___ Records provided ___

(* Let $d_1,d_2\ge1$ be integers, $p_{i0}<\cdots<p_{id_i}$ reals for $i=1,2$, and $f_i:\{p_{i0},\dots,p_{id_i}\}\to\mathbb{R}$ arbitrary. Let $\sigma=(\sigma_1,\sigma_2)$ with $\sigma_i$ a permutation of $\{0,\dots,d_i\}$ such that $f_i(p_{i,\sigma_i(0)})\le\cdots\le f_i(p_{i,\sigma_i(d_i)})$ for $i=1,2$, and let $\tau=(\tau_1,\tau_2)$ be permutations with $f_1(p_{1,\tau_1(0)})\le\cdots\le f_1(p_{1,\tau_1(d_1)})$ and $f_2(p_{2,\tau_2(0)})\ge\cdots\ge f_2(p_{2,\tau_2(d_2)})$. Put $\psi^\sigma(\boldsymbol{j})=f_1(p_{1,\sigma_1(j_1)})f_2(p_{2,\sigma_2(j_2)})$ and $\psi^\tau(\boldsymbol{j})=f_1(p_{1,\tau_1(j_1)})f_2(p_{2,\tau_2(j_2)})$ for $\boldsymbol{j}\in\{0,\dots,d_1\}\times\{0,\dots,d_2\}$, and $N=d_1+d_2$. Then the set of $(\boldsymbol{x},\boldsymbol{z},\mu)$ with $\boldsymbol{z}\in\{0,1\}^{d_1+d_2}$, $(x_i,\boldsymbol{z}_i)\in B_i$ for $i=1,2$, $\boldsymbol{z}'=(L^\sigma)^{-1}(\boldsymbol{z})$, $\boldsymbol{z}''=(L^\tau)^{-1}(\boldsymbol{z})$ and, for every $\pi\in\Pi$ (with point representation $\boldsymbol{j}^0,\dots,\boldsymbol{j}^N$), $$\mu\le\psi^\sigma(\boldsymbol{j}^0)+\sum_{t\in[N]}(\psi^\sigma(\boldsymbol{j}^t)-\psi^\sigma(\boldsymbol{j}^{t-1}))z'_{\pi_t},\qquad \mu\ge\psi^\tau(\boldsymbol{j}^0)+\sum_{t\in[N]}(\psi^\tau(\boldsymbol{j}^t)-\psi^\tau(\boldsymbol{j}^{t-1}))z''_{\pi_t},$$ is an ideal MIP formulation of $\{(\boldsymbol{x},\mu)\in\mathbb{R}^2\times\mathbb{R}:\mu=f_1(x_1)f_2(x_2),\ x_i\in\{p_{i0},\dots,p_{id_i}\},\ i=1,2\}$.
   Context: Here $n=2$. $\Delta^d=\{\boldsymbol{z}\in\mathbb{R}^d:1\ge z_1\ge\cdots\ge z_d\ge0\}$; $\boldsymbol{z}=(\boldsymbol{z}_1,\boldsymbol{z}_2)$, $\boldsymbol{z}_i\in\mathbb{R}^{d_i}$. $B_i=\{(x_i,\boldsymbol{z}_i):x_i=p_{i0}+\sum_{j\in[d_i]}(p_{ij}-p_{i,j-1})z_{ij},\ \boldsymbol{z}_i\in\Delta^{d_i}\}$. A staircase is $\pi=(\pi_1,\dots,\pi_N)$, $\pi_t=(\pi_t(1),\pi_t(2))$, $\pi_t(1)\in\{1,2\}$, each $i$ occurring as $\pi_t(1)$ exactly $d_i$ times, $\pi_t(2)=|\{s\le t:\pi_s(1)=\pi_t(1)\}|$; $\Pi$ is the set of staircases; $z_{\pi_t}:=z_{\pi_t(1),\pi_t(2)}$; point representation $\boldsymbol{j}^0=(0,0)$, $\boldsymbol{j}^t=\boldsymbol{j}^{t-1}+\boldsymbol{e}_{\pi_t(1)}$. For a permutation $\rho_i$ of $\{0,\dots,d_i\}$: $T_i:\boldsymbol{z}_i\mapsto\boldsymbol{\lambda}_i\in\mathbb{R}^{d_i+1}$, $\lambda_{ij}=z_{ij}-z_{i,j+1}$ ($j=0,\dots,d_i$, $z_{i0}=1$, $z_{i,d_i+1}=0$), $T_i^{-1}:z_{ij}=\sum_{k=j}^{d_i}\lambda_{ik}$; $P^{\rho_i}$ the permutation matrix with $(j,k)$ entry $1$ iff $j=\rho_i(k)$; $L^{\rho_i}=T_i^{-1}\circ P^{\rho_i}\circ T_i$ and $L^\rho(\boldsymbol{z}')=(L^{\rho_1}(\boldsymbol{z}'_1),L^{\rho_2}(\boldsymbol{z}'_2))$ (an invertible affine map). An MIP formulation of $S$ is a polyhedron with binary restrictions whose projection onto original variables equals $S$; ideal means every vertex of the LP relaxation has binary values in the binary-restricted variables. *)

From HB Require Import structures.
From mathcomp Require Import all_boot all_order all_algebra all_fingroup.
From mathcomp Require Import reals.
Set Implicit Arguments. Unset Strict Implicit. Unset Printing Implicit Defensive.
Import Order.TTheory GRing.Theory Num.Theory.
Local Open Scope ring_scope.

___
___ Records provided ___

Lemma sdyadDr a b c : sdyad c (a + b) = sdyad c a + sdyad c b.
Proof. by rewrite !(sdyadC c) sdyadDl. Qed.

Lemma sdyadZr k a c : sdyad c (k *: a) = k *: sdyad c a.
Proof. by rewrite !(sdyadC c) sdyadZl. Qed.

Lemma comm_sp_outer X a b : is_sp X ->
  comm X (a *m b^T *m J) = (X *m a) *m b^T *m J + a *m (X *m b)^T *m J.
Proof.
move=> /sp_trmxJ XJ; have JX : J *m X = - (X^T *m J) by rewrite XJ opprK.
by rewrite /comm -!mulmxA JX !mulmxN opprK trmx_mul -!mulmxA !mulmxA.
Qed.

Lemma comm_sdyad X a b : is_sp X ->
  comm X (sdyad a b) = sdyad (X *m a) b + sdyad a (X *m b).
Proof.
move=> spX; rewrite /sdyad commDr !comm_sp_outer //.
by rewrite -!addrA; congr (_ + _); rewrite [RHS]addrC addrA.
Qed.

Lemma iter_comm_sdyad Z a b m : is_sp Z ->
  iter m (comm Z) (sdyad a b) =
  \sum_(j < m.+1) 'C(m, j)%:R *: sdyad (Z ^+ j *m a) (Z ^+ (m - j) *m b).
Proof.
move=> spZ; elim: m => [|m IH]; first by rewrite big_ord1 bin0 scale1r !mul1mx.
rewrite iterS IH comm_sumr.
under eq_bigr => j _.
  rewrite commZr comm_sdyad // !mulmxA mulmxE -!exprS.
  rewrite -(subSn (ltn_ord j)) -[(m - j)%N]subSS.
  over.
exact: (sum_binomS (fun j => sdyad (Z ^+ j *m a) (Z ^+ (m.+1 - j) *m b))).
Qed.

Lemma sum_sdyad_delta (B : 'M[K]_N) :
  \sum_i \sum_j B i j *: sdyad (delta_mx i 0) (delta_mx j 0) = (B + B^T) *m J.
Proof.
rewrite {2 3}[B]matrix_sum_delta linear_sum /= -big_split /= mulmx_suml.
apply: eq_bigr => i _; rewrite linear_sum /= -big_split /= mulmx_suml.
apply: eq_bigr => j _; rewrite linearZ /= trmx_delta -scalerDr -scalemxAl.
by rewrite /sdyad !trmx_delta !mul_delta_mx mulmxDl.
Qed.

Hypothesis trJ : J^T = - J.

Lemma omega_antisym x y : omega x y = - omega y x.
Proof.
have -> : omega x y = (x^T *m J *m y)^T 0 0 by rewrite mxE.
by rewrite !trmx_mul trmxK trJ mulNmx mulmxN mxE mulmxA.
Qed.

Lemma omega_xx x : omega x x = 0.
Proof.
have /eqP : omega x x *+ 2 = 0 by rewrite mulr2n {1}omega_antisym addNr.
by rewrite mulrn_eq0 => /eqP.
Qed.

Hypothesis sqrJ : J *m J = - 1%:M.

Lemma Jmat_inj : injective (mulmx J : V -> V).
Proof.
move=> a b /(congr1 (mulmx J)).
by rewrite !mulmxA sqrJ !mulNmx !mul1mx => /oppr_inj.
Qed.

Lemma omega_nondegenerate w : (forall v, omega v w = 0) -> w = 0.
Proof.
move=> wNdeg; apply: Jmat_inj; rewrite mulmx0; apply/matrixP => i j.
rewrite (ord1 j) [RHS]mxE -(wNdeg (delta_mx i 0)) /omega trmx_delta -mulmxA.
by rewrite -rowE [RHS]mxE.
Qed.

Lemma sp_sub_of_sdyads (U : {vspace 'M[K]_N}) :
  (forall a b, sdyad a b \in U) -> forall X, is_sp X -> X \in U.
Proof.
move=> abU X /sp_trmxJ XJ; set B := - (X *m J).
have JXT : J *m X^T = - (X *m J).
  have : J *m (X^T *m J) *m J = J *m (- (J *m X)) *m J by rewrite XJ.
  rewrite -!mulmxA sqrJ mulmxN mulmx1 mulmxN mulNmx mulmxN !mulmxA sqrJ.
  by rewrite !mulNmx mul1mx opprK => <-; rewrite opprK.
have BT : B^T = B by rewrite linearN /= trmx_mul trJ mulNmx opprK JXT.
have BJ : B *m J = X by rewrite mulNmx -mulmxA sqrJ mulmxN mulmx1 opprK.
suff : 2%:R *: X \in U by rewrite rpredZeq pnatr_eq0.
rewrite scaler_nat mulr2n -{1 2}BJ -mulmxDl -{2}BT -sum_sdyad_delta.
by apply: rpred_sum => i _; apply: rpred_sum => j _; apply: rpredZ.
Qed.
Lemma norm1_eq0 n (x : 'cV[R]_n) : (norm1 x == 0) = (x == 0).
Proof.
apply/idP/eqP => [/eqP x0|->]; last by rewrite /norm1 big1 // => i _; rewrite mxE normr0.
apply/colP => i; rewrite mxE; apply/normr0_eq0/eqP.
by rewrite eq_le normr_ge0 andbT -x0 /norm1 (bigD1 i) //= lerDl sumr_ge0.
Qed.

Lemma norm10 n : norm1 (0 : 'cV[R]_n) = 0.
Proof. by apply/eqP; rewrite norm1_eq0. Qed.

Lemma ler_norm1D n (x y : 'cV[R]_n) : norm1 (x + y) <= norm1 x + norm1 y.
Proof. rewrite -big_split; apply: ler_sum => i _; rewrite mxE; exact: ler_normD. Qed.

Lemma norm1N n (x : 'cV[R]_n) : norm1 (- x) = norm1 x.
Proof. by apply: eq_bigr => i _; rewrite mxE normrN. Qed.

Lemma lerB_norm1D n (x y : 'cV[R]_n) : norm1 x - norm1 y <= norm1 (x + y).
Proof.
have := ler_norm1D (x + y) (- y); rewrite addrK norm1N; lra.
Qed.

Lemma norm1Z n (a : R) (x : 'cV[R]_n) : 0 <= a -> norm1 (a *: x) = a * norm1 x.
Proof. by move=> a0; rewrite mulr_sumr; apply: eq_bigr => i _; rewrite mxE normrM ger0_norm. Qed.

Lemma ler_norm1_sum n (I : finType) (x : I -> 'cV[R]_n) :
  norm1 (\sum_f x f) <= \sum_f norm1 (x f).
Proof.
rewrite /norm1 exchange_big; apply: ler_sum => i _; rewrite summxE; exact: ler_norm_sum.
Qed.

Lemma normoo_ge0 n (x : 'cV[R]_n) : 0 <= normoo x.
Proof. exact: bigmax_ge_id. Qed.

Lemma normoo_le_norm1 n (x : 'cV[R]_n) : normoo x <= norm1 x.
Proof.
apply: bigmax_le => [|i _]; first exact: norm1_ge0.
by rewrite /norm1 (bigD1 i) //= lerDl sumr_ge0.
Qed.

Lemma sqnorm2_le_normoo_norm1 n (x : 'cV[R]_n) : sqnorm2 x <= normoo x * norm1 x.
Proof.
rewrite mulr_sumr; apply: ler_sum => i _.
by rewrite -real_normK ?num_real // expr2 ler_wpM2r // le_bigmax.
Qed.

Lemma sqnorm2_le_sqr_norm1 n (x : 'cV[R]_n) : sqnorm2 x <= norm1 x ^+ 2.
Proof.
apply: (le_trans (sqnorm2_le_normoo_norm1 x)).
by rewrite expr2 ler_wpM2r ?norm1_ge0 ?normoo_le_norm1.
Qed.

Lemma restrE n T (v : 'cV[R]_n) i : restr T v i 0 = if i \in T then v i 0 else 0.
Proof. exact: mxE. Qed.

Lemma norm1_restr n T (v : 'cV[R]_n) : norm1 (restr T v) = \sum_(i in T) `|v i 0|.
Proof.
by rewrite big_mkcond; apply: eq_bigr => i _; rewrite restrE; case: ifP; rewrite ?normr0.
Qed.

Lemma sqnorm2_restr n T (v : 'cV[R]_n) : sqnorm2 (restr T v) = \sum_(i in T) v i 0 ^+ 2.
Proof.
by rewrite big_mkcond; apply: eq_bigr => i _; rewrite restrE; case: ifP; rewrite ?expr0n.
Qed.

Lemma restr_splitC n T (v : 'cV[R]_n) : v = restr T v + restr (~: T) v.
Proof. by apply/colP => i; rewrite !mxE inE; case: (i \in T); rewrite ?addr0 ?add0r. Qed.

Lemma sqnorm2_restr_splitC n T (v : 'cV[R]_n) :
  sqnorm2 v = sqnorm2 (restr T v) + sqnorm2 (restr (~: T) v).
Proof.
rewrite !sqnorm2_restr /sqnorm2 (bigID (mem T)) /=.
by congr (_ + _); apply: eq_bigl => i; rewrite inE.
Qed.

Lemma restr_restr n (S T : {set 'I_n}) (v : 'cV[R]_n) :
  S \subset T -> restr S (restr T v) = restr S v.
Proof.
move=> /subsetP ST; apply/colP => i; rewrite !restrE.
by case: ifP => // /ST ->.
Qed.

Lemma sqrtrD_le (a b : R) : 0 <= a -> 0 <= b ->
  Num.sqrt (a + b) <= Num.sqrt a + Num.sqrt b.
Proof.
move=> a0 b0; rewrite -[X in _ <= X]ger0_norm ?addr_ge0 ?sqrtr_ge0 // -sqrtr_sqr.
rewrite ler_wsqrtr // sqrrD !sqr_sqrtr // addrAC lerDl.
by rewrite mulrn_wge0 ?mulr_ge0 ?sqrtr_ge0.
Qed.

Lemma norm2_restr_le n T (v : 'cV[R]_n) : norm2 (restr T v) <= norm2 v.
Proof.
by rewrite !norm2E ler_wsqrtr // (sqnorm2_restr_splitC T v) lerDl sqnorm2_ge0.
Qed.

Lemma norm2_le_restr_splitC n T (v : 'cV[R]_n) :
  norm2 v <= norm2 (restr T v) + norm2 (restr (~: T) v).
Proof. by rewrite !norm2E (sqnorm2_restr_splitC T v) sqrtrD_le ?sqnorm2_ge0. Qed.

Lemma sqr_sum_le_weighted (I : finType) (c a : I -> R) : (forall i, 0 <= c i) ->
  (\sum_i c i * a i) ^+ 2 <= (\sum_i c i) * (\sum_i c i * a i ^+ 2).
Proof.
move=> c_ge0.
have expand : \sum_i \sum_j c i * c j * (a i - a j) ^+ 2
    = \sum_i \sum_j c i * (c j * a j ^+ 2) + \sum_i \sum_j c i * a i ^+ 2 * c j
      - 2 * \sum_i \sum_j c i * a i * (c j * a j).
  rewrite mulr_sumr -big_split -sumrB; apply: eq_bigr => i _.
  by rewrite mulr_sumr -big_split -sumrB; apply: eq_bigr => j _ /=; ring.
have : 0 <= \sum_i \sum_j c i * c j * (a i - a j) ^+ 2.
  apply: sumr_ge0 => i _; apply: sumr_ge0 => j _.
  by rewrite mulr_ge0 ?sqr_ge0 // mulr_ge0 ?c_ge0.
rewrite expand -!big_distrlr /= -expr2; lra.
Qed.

___
___ Records provided ___

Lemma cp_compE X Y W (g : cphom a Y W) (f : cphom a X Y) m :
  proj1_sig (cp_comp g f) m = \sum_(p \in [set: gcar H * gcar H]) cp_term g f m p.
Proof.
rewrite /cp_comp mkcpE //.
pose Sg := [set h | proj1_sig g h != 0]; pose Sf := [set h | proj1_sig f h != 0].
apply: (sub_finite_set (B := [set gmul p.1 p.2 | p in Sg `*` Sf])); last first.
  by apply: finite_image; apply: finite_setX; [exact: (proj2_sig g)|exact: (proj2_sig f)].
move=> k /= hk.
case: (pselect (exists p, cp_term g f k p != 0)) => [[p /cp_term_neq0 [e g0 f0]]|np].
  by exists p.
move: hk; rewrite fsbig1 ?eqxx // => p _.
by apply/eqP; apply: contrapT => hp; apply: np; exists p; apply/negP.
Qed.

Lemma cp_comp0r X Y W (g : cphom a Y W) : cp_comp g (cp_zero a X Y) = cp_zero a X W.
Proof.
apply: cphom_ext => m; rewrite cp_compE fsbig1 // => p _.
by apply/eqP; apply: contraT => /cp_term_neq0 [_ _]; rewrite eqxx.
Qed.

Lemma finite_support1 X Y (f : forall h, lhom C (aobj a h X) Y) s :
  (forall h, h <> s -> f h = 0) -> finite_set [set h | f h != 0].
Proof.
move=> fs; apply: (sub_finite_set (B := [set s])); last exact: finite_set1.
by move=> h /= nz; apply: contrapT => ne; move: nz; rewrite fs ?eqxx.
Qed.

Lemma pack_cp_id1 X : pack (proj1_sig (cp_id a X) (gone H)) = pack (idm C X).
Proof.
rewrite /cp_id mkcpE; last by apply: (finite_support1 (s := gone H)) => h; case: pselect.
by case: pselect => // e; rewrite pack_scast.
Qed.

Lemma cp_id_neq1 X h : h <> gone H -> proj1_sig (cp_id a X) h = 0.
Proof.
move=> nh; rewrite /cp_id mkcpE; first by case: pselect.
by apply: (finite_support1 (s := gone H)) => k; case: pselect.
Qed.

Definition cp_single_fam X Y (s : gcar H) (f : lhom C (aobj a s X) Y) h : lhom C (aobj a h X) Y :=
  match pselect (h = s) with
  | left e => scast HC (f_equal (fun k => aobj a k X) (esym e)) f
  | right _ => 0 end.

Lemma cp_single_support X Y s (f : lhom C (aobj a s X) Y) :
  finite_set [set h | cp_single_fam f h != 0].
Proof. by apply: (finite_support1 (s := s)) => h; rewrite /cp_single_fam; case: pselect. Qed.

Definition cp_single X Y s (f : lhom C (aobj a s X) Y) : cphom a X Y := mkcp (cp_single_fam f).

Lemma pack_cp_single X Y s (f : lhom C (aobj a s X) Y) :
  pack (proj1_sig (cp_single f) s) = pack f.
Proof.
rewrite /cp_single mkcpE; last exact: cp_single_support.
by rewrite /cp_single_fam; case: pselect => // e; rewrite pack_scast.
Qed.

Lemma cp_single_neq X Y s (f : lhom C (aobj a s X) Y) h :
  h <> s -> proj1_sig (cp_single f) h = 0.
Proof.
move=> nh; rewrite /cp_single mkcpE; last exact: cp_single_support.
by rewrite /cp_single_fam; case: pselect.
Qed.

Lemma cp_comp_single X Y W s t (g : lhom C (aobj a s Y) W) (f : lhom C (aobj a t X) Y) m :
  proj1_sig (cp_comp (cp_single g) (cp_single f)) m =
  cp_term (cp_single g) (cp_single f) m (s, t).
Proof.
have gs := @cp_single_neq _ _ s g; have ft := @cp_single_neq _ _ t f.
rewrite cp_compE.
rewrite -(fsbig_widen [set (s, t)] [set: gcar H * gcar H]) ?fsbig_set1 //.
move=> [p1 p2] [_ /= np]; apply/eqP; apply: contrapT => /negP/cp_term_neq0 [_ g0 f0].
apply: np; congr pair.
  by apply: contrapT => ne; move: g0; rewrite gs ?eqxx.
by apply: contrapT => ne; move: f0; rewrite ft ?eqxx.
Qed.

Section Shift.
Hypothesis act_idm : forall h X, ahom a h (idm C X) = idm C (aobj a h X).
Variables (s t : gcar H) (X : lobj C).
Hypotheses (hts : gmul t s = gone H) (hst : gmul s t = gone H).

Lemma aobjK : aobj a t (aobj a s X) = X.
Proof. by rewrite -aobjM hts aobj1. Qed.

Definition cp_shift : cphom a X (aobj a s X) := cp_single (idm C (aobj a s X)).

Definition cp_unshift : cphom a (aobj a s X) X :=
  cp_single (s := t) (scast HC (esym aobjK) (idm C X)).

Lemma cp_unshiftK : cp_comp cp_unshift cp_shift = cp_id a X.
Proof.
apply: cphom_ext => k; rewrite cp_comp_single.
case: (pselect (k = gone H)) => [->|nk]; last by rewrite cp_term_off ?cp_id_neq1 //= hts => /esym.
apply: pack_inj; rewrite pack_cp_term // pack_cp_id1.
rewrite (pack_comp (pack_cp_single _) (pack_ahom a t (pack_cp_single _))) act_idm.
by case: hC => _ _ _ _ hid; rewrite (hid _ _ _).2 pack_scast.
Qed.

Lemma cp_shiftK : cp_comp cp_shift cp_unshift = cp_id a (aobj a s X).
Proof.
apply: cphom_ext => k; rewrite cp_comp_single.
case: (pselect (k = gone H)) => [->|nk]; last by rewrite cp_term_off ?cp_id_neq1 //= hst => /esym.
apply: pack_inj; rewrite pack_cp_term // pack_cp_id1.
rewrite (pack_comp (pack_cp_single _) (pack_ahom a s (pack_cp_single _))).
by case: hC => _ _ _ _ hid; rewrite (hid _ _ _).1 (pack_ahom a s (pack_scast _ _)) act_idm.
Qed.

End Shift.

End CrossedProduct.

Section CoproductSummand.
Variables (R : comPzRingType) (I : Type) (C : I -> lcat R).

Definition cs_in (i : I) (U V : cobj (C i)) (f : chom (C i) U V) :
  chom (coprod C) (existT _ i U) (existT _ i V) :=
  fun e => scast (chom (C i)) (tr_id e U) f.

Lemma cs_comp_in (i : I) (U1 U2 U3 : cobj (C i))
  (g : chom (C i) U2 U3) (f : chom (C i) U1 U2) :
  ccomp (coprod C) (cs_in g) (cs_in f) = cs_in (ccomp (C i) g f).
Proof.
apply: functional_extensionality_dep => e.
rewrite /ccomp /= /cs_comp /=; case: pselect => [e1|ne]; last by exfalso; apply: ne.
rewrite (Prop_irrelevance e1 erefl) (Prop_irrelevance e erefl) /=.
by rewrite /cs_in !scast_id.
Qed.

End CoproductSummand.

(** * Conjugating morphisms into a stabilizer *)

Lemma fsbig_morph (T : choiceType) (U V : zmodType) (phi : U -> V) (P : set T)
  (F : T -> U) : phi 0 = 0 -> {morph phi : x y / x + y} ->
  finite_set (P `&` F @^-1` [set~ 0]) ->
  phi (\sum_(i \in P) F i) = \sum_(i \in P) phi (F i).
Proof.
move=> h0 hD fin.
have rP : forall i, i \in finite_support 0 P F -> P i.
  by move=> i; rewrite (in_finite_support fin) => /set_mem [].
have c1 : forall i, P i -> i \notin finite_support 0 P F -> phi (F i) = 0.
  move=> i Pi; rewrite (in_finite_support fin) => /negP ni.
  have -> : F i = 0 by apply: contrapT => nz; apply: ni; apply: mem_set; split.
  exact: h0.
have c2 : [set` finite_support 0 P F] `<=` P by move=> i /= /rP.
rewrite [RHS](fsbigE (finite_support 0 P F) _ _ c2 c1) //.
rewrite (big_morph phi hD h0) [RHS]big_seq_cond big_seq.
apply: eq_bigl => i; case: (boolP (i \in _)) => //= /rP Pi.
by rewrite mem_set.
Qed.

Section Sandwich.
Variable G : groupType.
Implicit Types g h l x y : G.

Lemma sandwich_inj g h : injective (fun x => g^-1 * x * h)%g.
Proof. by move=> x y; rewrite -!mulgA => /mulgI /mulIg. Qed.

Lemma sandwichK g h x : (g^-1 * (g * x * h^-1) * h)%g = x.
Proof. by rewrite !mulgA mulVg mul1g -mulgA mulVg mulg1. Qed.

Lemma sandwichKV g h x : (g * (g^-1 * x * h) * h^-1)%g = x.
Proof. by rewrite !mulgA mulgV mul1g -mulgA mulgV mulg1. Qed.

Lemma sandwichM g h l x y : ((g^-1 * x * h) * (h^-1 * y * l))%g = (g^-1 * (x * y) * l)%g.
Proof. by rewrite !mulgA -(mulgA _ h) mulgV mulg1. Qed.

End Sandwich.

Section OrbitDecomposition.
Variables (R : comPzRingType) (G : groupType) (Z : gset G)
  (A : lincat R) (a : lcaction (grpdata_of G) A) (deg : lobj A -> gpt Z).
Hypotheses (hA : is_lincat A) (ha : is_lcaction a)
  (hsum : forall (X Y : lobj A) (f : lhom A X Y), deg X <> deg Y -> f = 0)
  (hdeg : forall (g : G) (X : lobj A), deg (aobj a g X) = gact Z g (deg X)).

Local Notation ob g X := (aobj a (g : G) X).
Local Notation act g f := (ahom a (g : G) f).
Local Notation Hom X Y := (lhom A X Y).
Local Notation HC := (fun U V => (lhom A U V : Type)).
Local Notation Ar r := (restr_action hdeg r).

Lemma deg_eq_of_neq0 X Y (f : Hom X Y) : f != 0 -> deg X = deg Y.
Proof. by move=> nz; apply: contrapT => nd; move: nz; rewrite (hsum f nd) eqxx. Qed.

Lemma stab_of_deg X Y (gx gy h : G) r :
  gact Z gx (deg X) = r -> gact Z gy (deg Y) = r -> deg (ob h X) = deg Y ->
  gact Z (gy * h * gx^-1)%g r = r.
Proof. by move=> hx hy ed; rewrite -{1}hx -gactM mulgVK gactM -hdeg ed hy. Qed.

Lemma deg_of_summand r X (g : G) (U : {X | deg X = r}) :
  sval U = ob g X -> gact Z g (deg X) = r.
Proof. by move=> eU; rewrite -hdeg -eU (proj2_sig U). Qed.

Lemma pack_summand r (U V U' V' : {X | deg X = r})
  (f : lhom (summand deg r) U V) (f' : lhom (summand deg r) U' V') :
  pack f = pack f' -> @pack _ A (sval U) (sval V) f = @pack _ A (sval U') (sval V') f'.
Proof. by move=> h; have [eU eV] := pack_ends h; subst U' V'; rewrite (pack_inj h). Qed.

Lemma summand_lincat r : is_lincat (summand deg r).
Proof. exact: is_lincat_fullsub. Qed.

___

**Work required:**
From the entries above, print the lines beginning at the one with "proj1_sig (cp_comp (cp_single" and stopping after the one with "rewrite cp_compE.", exactly as written and with nothing else.

**Expected answer:**
  proj1_sig (cp_comp (cp_single g) (cp_single f)) m =
  cp_term (cp_single g) (cp_single f) m (s, t).
Proof.
have gs := @cp_single_neq _ _ s g; have ft := @cp_single_neq _ _ t f.
rewrite cp_compE.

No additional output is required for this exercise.